* _What to work on_: Within the records, how many lines hold the word "degmx"? State that number alone.
====== Exercise input ======
(* Let $\frac{1}{2}\leq \alpha <1$ and let $G$ be a graph with $n$ vertices and $m$ edges. If $1\leq k\leq n-1$, then $$S_{k}(A_{\alpha}(G))\leq \frac{2\alpha km}{n}+\sqrt{\frac{k(n-k)}{n}\left(\alpha^2Z_1+2m(1-\alpha)^2-\frac{4\alpha^2m^2}{n}\right)},$$ where $Z_1$ is the first Zagreb index of $G$.
   Context: All graphs are simple and undirected. $A_{\alpha}(G)=\alpha D(G)+(1-\alpha)A(G)$, where $A(G)$ is the adjacency matrix and $D(G)$ the diagonal matrix of vertex degrees. For a real symmetric matrix $M$ with eigenvalues $\lambda_1(M)\geq\cdots\geq\lambda_n(M)$, $S_k(M)=\sum_{i=1}^k\lambda_i(M)$. The first Zagreb index $Z_1=Z_1(G)=\sum_{v\in V(G)} d_v^2$ is the sum of the squares of the vertex degrees. *)

From HB Require Import structures.
From mathcomp Require Import all_boot all_order all_algebra.
Set Implicit Arguments. Unset Strict Implicit. Unset Printing Implicit Defensive.
Import Order.TTheory GRing.Theory Num.Theory.
Local Open Scope ring_scope.

Definition simple_graph (n : nat) (e : rel 'I_n) : Prop :=
  symmetric e /\ irreflexive e.

Definition deg (n : nat) (e : rel 'I_n) (v : 'I_n) : nat := #|[set w | e v w]|.

Definition nedges (n : nat) (e : rel 'I_n) : nat :=
  #|[set p : 'I_n * 'I_n | (p.1 < p.2)%N && e p.1 p.2]|.

Definition zagreb1 (n : nat) (e : rel 'I_n) : nat := (\sum_(v < n) (deg e v) ^ 2)%N.

Definition adjmx (R : nzRingType) (n : nat) (e : rel 'I_n) : 'M[R]_n :=
  \matrix_(i, j) (if e i j then 1 else 0).

Definition degmx (R : nzRingType) (n : nat) (e : rel 'I_n) : 'M[R]_n :=
  diag_mx (\row_i ((deg e i)%:R)).

Definition Aalpha (R : comNzRingType) (n : nat) (e : rel 'I_n) (alpha : R) : 'M[R]_n :=
  alpha *: degmx R e + (1 - alpha) *: adjmx R e.

Definition eigenvalues_desc (R : realDomainType) (n : nat) (M : 'M[R]_n) (s : seq R) : Prop :=
  sorted (fun x y => y <= x) s /\ char_poly M = \prod_(x <- s) ('X - x%:P).

Definition Sk (R : realDomainType) (s : seq R) (k : nat) : R := \sum_(i < k) s`_i.

(* The eigenvalues of A_alpha(G) have sum tr A_alpha = 2 alpha m and sum of
   squares tr A_alpha^2 = alpha^2 Z_1 + 2 (1 - alpha)^2 m.  For any reals
   x_1, ..., x_N with sum T and sum of squares Q, splitting them into the
   first k and the last N - k and applying Cauchy-Schwarz to each block gives
   (x_1 + ... + x_k - k T / N)^2 <= k (N - k) / N * (Q - T^2 / N),
   which is the bound with N = n. *)

From mathcomp Require Import all_boot all_order all_algebra.
From mathcomp Require Import ring zify.
Set Implicit Arguments. Unset Strict Implicit. Unset Printing Implicit Defensive.
Import Order.TTheory GRing.Theory Num.Theory.
Local Open Scope ring_scope.

Section SumBounds.
Variable R : realFieldType.

Lemma sqr_sum_le_mul_sum_sqr (f : nat -> R) a b :
  (\sum_(a <= i < b) f i) ^+ 2 <= (b - a)%:R * \sum_(a <= i < b) f i ^+ 2.
Proof.
have [ba | ab] := leqP b a; first by rewrite !big_geq // expr0n mulr0.
set S := \sum_(a <= i < b) f i; set Q := \sum_(a <= i < b) f i ^+ 2.
set L : R := (b - a)%:R.
have L_gt0 : 0 < L by rewrite ltr0n subn_gt0.
have dev_sqr : \sum_(a <= i < b) (L * f i - S) ^+ 2 = L * (L * Q - S ^+ 2).
  transitivity (\sum_(a <= i < b) (L ^+ 2 * f i ^+ 2 - (2 * L * S) * f i + S ^+ 2)).
    by apply: eq_bigr => i _; ring.
  by rewrite big_split sumrB /= -!mulr_sumr sumr_const_nat -mulr_natr -/S -/Q; ring.
have : 0 <= \sum_(a <= i < b) (L * f i - S) ^+ 2 by apply: sumr_ge0 => i _; exact: sqr_ge0.
by rewrite dev_sqr pmulr_rge0 // subr_ge0.
Qed.

Lemma two_block_deviation_le (p q A B QA QB : R) :
  0 <= p -> 0 <= q -> 0 < p + q -> A ^+ 2 <= p * QA -> B ^+ 2 <= q * QB ->
  (A - p / (p + q) * (A + B)) ^+ 2
    <= p * q / (p + q) * (QA + QB - (A + B) ^+ 2 / (p + q)).
Proof.
move=> p_ge0 q_ge0 pq_gt0 hA hB; rewrite -subr_ge0.
have -> : p * q / (p + q) * (QA + QB - (A + B) ^+ 2 / (p + q))
            - (A - p / (p + q) * (A + B)) ^+ 2
          = (q * (p * QA - A ^+ 2) + p * (q * QB - B ^+ 2)) / (p + q).
  by field; rewrite gt_eqF.
by rewrite divr_ge0 ?addr_ge0 ?mulr_ge0 ?subr_ge0 // ltW.
Qed.

End SumBounds.

Lemma sum_prefix_le (R : rcfType) (f : nat -> R) k N :
  (0 < N)%N -> (k <= N)%N ->
  \sum_(0 <= i < k) f i
    <= k%:R / N%:R * (\sum_(0 <= i < N) f i)
       + Num.sqrt (k%:R * (N - k)%:R / N%:R
                   * (\sum_(0 <= i < N) f i ^+ 2 - (\sum_(0 <= i < N) f i) ^+ 2 / N%:R)).
Proof.
move=> N_gt0 kN.
have split_sum (g : nat -> R) : \sum_(0 <= i < N) g i
    = \sum_(0 <= i < k) g i + \sum_(k <= i < N) g i by rewrite -big_cat_nat.
have hA := sqr_sum_le_mul_sum_sqr f 0 k; rewrite subn0 in hA.
have hB := sqr_sum_le_mul_sum_sqr f k N.
have NE : (N%:R : R) = k%:R + (N - k)%:R by rewrite -natrD subnKC.
rewrite -lerBlDl !split_sum NE.
apply: le_trans (ler_norm _) _; rewrite -sqrtr_sqr ler_sqrt; last first.
  by apply: le_trans (sqr_ge0 _) _; apply: two_block_deviation_le; rewrite // -NE ltr0n.
by apply: two_block_deviation_le; rewrite // -NE ltr0n.
Qed.

Lemma horner_char_poly (R : comNzRingType) n (A : 'M[R]_n) x :
  (char_poly A).[x] = \det (x%:M - A).
Proof.
rewrite -horner_evalE /char_poly -det_map_mx; congr (\det _).
apply/matrixP => i j; rewrite !mxE /=.
change (('X *+ (i == j) - (A i j)%:P).[x] = x *+ (i == j) - A i j).
by rewrite hornerD hornerN hornerMn hornerX hornerC.
Qed.

Lemma horner_natr_inj (R : numDomainType) (p q : {poly R}) :
  (forall i : nat, p.[i%:R] = q.[i%:R]) -> p = q.
Proof.
move=> pq; apply/eqP; rewrite -subr_eq0; apply/negPn/negP => nz.
pose rs : seq R := [seq i%:R | i <- iota 0 (size (p - q))].
suff : (size rs < size (p - q)%R)%N by rewrite size_map size_iota ltnn.
apply: max_poly_roots nz _ _.
  by apply/allP => _ /mapP[i _ ->]; rewrite /root hornerD hornerN pq subrr.
by rewrite map_inj_uniq ?iota_uniq //; apply: mulrIn; rewrite oner_neq0.
Qed.

Section CharPolyRoots.
Variables (R : comNzRingType) (n : nat) (M : 'M[R]_n) (s : seq R).
Hypothesis char_polyE : char_poly M = \prod_(x <- s) ('X - x%:P).

Lemma size_char_poly_roots : size s = n.
Proof. by have := size_char_poly M; rewrite char_polyE size_prod_XsubC => -[]. Qed.

Lemma sum_char_poly_roots : \sum_(x <- s) x = \tr M.
Proof.
have [n0 | n_gt0] := posnP n.
  have /eqP : size s = 0%N by rewrite size_char_poly_roots.
  rewrite size_eq0 => /eqP->; rewrite big_nil /mxtrace big1 // => i _.
  by move: (ltn_ord i); rewrite {2}n0.
apply: oppr_inj; rewrite -char_poly_trace // char_polyE -size_char_poly_roots.
by rewrite coefPn_prod_XsubC // size_char_poly_roots -lt0n.
Qed.

End CharPolyRoots.

(* Evaluate at x^2 for x = sqrt i, using x^2 - M^2 = (x - M)(x + M). *)
Lemma char_poly_mulmx_self (R : rcfType) n (M : 'M[R]_n) (s : seq R) :
  char_poly M = \prod_(x <- s) ('X - x%:P) ->
  char_poly (M *m M) = \prod_(x <- s) ('X - (x ^+ 2)%:P).
Proof.
move=> char_polyE; apply: horner_natr_inj => i; set x := Num.sqrt (i%:R : R).
have -> : (i%:R : R) = x ^+ 2 by rewrite sqr_sqrtr ?ler0n.
have sqr_factor : (x ^+ 2)%:M - M *m M = (x%:M - M) *m (x%:M + M).
  rewrite mulmxDr !mulmxBl !mul_scalar_mx mul_mx_scalar expr2 scalar_mxM.
  by rewrite -mul_scalar_mx mul_scalar_mx addrA subrK.
have plus_factor : \det (x%:M + M) = (-1) ^+ n * \det ((- x)%:M - M).
  by rewrite -detZ scaleN1r opprB raddfN /= opprK addrC.
rewrite horner_char_poly sqr_factor det_mulmx plus_factor -!horner_char_poly.
rewrite char_polyE !horner_prod -(size_char_poly_roots char_polyE).
elim: (s) => [|y t IH]; first by rewrite !big_nil expr0 !mulr1.
by rewrite !big_cons !hornerXsubC /= exprS -IH; ring.
Qed.

Lemma sum_sqr_char_poly_roots (R : rcfType) n (M : 'M[R]_n) (s : seq R) :
  char_poly M = \prod_(x <- s) ('X - x%:P) -> \sum_(x <- s) x ^+ 2 = \tr (M *m M).
Proof.
move=> char_polyE; rewrite -(big_map (fun x => x ^+ 2) xpredT (fun x => x)).
by apply: sum_char_poly_roots; rewrite (char_poly_mulmx_self char_polyE) big_map.
Qed.

Section GraphTraces.
Variables (R : comNzRingType) (n : nat) (e : rel 'I_n) (alpha : R).
Hypotheses (e_sym : symmetric e) (e_irr : irreflexive e).

Lemma natr_deg i : (deg e i)%:R = \sum_j (e i j)%:R :> R.
Proof.
rewrite /deg -sum1_card big_mkcond natr_sum; apply: eq_bigr => j _.
by rewrite inE; case: (e i j).
Qed.

Lemma sum_deg : \sum_i (deg e i)%:R = 2 * (nedges e)%:R :> R.
Proof.
have lt_pairs : (nedges e)%:R = \sum_(i : 'I_n) \sum_(j : 'I_n) ((i < j)%N && e i j)%:R :> R.
  rewrite /nedges -sum1_card big_mkcond natr_sum pair_bigA /=.
  by apply: eq_bigr => p _; rewrite inE; case: (_ && _).
have gt_pairs : (nedges e)%:R = \sum_(i : 'I_n) \sum_(j : 'I_n) ((j < i)%N && e i j)%:R :> R.
  rewrite lt_pairs exchange_big /=.
  by apply: eq_bigr => i _; apply: eq_bigr => j _; rewrite e_sym.
rewrite mulr2n mulrDl mul1r {1}lt_pairs gt_pairs -big_split /=.
apply: eq_bigr => i _; rewrite natr_deg -big_split /=; apply: eq_bigr => j _.
case: (ltngtP i j) => [ij|ji|/val_inj ->]; rewrite ?andbF ?andbT ?addr0 ?add0r //.
by rewrite e_irr.
Qed.

Lemma Aalpha_entry i j : Aalpha e alpha i j =
  (if j == i then alpha * (deg e i)%:R else 0) + (1 - alpha) * (e i j)%:R.
Proof.
rewrite /Aalpha /degmx /adjmx !mxE [j == i]eq_sym.
by case: (i == j); case: (e i j); rewrite /= ?mulr1n ?mulr0n ?mulr1 ?mulr0.
Qed.

Lemma mxtrace_Aalpha : \tr (Aalpha e alpha) = alpha * (2 * (nedges e)%:R).
Proof.
rewrite /mxtrace -sum_deg mulr_sumr; apply: eq_bigr => i _.
by rewrite Aalpha_entry eqxx e_irr mulr0 addr0.
Qed.

Lemma mxtrace_Aalpha_sqr : \tr (Aalpha e alpha *m Aalpha e alpha) =
  alpha ^+ 2 * (zagreb1 e)%:R + (1 - alpha) ^+ 2 * (2 * (nedges e)%:R).
Proof.
rewrite /mxtrace -sum_deg /zagreb1 natr_sum !mulr_sumr -big_split /=.
apply: eq_bigr => i _; rewrite mxE.
transitivity (\sum_j ((if j == i then alpha ^+ 2 * (deg e i)%:R ^+ 2 else 0)
                      + (1 - alpha) ^+ 2 * (e i j)%:R)).
  apply: eq_bigr => j _; rewrite !Aalpha_entry (e_sym j i) [i == j]eq_sym.
  case: eqP => [->|_]; first by rewrite e_irr /= mulr0 addr0; ring.
  by case: (e i j); rewrite /= ?add0r ?mulr1 ?mulr0 ?expr2 ?mul0r.
by rewrite big_split /= -big_mkcond big_pred1_eq -mulr_sumr -natr_deg natrX.
Qed.

End GraphTraces.

Theorem theorem3p2 (R : rcfType) (n : nat) (e : rel 'I_n) (alpha : R) (k : nat)
  (s : seq R) :
  simple_graph e ->
  1 / 2 <= alpha -> alpha < 1 ->
  (1 <= k)%N -> (k <= n - 1)%N ->
  eigenvalues_desc (Aalpha e alpha) s ->
  let m : R := (nedges e)%:R in
  let Z1 : R := (zagreb1 e)%:R in
  Sk s k <= 2 * alpha * k%:R * m / n%:R
            + Num.sqrt (k%:R * (n - k)%:R / n%:R
                        * (alpha ^+ 2 * Z1 + 2 * m * (1 - alpha) ^+ 2
                           - 4 * alpha ^+ 2 * m ^+ 2 / n%:R)).
Proof.
move=> [e_sym e_irr] _ _ k_ge1 k_le_n1 [_ char_polyE] /=.
set m : R := (nedges e)%:R; set Z1 : R := (zagreb1 e)%:R.
have n_gt0 : (0 < n)%N by lia.
have size_s := size_char_poly_roots char_polyE.
have sum_s : \sum_(0 <= i < n) s`_i = alpha * (2 * m).
  rewrite -(mxtrace_Aalpha alpha e_sym e_irr).
  by rewrite -(sum_char_poly_roots char_polyE) [RHS](big_nth 0) size_s.
have sum_sqr_s : \sum_(0 <= i < n) s`_i ^+ 2 = alpha ^+ 2 * Z1 + (1 - alpha) ^+ 2 * (2 * m).
  rewrite -(mxtrace_Aalpha_sqr alpha e_sym e_irr).
  by rewrite -(sum_sqr_char_poly_roots char_polyE) [RHS](big_nth 0) size_s.
have := sum_prefix_le (fun i => s`_i) n_gt0 (leq_trans k_le_n1 (leq_subr 1 n)).
rewrite /Sk -(big_mkord xpredT (fun i => s`_i)) sum_s sum_sqr_s => /le_trans; apply.
by rewrite le_eqVlt; apply/predU1P; left; congr (_ + Num.sqrt (_ * _)); ring.
Qed.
======
* _Solution for this exercise_: 3